Lumpy grins. “You didn’t have to plant anything in that town.”
“It’s true, we are well received there. They’ve felt the heavy hand of the City for too long. But it’s not always so easy.”
As they all take a place by the fire, Roan asks, “When did the Brothers start fighting the City?”
“They claim it was the wish of their leader. Before he was slain, he’d received a new directive from the Friend, I am told.”
“Just like that?” Roan asks
doubtfully.
“Apparently. What matters is, the Brothers stopped both their raids and their deliveries to the Masters. But recently, Darius released Raven to lead the Fandor in an attempt to enforce the laws of the City and gather the food and children the Brothers now deny them.”
“The Brothers may defend the towns, but only because it serves their struggle for control,” says Roan. “Fighting the Fandor ensures the City starves. If the Brothers were ever to win the City, they’d start bleeding the villages dry again. They’re not heroes, they’re killers.”
Mabatan shrugs. “You thought the same of the Hhroxhi.”
“I didn’t know the Hhroxhi and misunderstood their actions. The Brothers I got closer to than I ever wanted. They’re marauders and mass murderers and they justify it with their religion.”

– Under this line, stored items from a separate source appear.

Lemma frieze_neq0 i j : (i < j <= i + Z.of_nat n + 2)%Z -> c i j <> 0%C.
Proof.
  intros Hj. destruct (frieze_one_or_mem i j Hj) as [->|Hmem];
    [apply C1_nz | now apply Sset_neq0].
Qed.

Lemma frieze_det i j : (i < j <= i + Z.of_nat n + 2)%Z ->
  (c i j * c (i + 1)%Z (j + 1)%Z - c i (j + 1)%Z * c (i + 1)%Z j = 1)%C.
Proof. intros Hj. apply (proj2 (proj2 Hc)); unfold indom; lia. Qed.

Definition entry (a b : nat) : C := c (Z.of_nat a) (Z.of_nat b).

Lemma entry_diag a : entry a a = 0%C.
Proof. apply frieze_diag. Qed.

Lemma entry_last a : entry a (a + n + 3) = 0%C.
Proof. unfold entry. rewrite <- frieze_last with (Z.of_nat a). f_equal. lia. Qed.

Lemma entry_succ a : entry a (a + 1) = 1%C.
Proof. unfold entry. rewrite <- frieze_succ with (Z.of_nat a). f_equal. lia. Qed.

Lemma entry_end a : entry a (a + n + 2) = 1%C.
Proof. unfold entry. rewrite <- frieze_end with (Z.of_nat a). f_equal. lia. Qed.

Lemma entry_one_or_mem a b : (a < b <= a + n + 2)%nat -> entry a b = 1%C \/ Sset (entry a b).
Proof. intros Hb. apply frieze_one_or_mem. lia. Qed.

Lemma entry_neq0 a b : (a < b <= a + n + 2)%nat -> entry a b <> 0%C.
Proof. intros Hb. apply frieze_neq0. lia. Qed.

Lemma entry_det a b : (a < b <= a + n + 2)%nat ->
  (entry a b * entry (a + 1) (b + 1) - entry a (b + 1) * entry (a + 1) b = 1)%C.
Proof. intros Hb. unfold entry. rewrite !Nat2Z.inj_add. apply frieze_det. lia. Qed.

Definition quiddity (p : nat) : C := entry p (p + 2).

Lemma entry_row_solves a : solves quiddity (entry a) a (a + n + 3).
Proof.
  intros p Hap. remember (p - a)%nat as d eqn:Hd. revert a Hap Hd.
  induction d as [|d IH]; intros a Hap Hd Hp; unfold quiddity.
  - replace p with a by lia. rewrite entry_diag, entry_succ. ring.
  - (* multiply by [entry (a+1) (p+1)] and use the unimodular rules at [(a, p)], [(a, p+1)] *)
    assert (Hrow := IH (a + 1)%nat ltac:(lia) ltac:(lia) ltac:(lia)).
    assert (Hdet1 := entry_det a (p + 1) ltac:(lia)).
    assert (Hdet0 := entry_det a p ltac:(lia)).
    replace (p + 1 + 1)%nat with (p + 2)%nat in Hdet1 by lia.
    apply (Cmult_cancel_l (entry (a + 1) (p + 1))); [apply entry_neq0; lia|].
    transitivity (entry a (p + 1) * entry (a + 1) (p + 2) - 1)%C; [rewrite <- Hdet1; ring|].
    rewrite Hrow. unfold quiddity. rewrite <- Hdet0. ring.
Qed.

Lemma entry_ptolemy a b c' d : (a < b < c')%nat -> (c' <= d <= a + n + 3)%nat ->
  (entry a c' * entry b d = entry a b * entry c' d + entry a d * entry b c')%C.
Proof.
  intros Habc Hd.
  destruct (Nat.eq_dec d c') as [->|Hdc]; [rewrite entry_diag; ring|].
  (* [G] solves the row recurrence and vanishes at [c'] and, by the Wronskian of rows [a] and
     [b], at [c' + 1]. *)
  set (G x := (entry a c' * entry b x - entry a b * entry c' x - entry b c' * entry a x)%C).
  assert (HG : solves quiddity G c' (a + n + 3)).
  { intros p Hp Hp2. unfold G.
    rewrite (entry_row_solves a), (entry_row_solves b), (entry_row_solves c') by lia. ring. }
  assert (Hwr := solves_wronskian quiddity (entry a) (entry b) b (a + n + 3)).
  assert (G0 : G d = 0%C).
  { apply (solves_eq0 _ _ _ _ HG); try lia.
    - unfold G. rewrite entry_diag. ring.
    - unfold G. rewrite entry_succ.
      transitivity (entry a c' * entry b (c' + 1) - entry b c' * entry a (c' + 1) - entry a b)%C;
        [ring|].
      rewrite Hwr; try lia.
      + rewrite entry_diag, entry_succ. ring.
      + intros p Hp Hp2. apply entry_row_solves; lia.
      + intros p Hp Hp2. apply entry_row_solves; lia. }
  transitivity (G d + (entry a b * entry c' d + entry a d * entry b c'))%C;
    [unfold G; ring | rewrite G0; ring].
Qed.

Lemma entry_row0_cases j : (j <= n + 3)%nat ->
  entry 0 j = 0%C \/ entry 0 j = 1%C \/ (Sset (entry 0 j) /\ (0 < j < n + 3)%nat).
Proof.
  intros Hj.
  destruct (Nat.eq_dec j 0) as [->|]; [left; apply entry_diag|].
  destruct (Nat.eq_dec j (n + 3)) as [->|]; [left; exact (entry_last 0)|].
  destruct (entry_one_or_mem 0 j ltac:(lia)) as [|Hmem]; [now right; left | right; right; split].
  - exact Hmem.
  - lia.
Qed.

Lemma frieze_ptolemy_polygon eps : eps <= 1 -> (forall w, Sset w -> eps <= Cmod w) ->
  ptolemy_polygon (n + 3) entry eps 1.
Proof.
  intros Heps Hlow. split.
  - intros a b c' d Hab Hbc Hcd Hd. apply entry_ptolemy; lia.
  - intros a b Hab Hb. destruct (entry_one_or_mem a b ltac:(lia)) as [->|Hmem].
    + rewrite Cmod_1. exact Heps.
    + now apply Hlow.
  - intros a Ha. replace (S a) with (a + 1)%nat by lia. rewrite entry_succ, Cmod_1. lra.
  - intros _. replace (n + 3 - 1)%nat with (0 + n + 2)%nat by lia.
    rewrite entry_end, Cmod_1. lra.
Qed.

End Frieze.

Lemma Cmult_cancel_det (a x x' y : C) : a <> 0%C ->
  (a * x - y = 1)%C -> (a * x' - y = 1)%C -> x = x'.
Proof.
  intros Ha E E'. apply (Cmult_cancel_l a); auto.
  transitivity (y + 1)%C; [rewrite <- E | rewrite <- E']; ring.
Qed.

Section Determination.
Variables (n : nat) (Sset : C -> Prop) (c d : Z -> Z -> C).
Hypothesis Sset_neq0 : forall w, Sset w -> w <> 0%C.
Hypothesis Hc : frieze n Sset c.
Hypothesis Hd : frieze n Sset d.

Definition row_eq (i : Z) : Prop := forall j, indom n i j -> c i j = d i j.

(* The unimodular rule at [(i, j)] solves for [c (i+1) (j+1)] (or, backwards, for [c i j])
   because the band entries dividing it are nonzero. *)
Lemma row_eq_succ i : row_eq i -> row_eq (i + 1).
Proof.
  intros Hi.
  assert (Hrow : forall K, (K <= n + 3)%nat ->
    c (i + 1)%Z (i + 1 + Z.of_nat K)%Z = d (i + 1)%Z (i + 1 + Z.of_nat K)%Z).
  { induction K as [|K IH]; intros HK.
    - now rewrite Z.add_0_r, (frieze_diag n Sset _ Hc), (frieze_diag n Sset _ Hd).
    - destruct (Nat.eq_dec (S K) (n + 3)) as [HK3|HK3].
      + replace (i + 1 + Z.of_nat (S K))%Z with (i + 1 + Z.of_nat n + 3)%Z by lia.
        now rewrite (frieze_last n Sset _ Hc), (frieze_last n Sset _ Hd).
      + set (j := (i + 1 + Z.of_nat K)%Z) in IH.
        replace (i + 1 + Z.of_nat (S K))%Z with (j + 1)%Z by lia.
        assert (Ec := frieze_det n Sset _ Hc i j ltac:(lia)).
        assert (Ed := frieze_det n Sset _ Hd i j ltac:(lia)).
        rewrite IH, (Hi j), (Hi (j + 1)%Z) in Ec by (unfold indom; lia).
        apply (Cmult_cancel_det (d i j) _ _ _ (frieze_neq0 n Sset _ Sset_neq0 Hd i j ltac:(lia)) Ec Ed). }
  intros j Hj. unfold indom in Hj.
  replace j with (i + 1 + Z.of_nat (Z.to_nat (j - (i + 1))))%Z by lia.
  apply Hrow. lia.
Qed.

“Well, I don’t think we’ll be getting to the bottom of it tonight,” Kamyar pronounces, ending the argument. “Mabatan tells me you want help getting into the City, Roan.”
“If it’s possible.”
“It’s serendipity, in fact. An old friend’s urgently requested a meeting so that’s exactly where we’re headed. Of course, you’ll have to earn your keep.”
“What do you have in mind?”
“I could use a couple of extra actors in my next opus, A Clerical Error. An incompetent cleric seems to be the death of all who come in contact with him. Interested?”
Roan blanches. “I’ve never done anything like acting before.”
“You just need to be able to keel over and look dead in a funny way. You’ve survived hoards of Raiders, a sojourn with the nefarious Brothers, the Nethervine, and a trek into the Devastation. Surely some crossed eyes and a lolling tongue are not too much to ask.”
“What’s Mabatan going to do?”
“I have a talent. I will play the drum,” she replies.
“I can play the recorder,” Roan says eagerly.
“Ah, well,” says the Storyteller with an exaggerated sigh, “perhaps I can make do with one less actor. Are you any good?”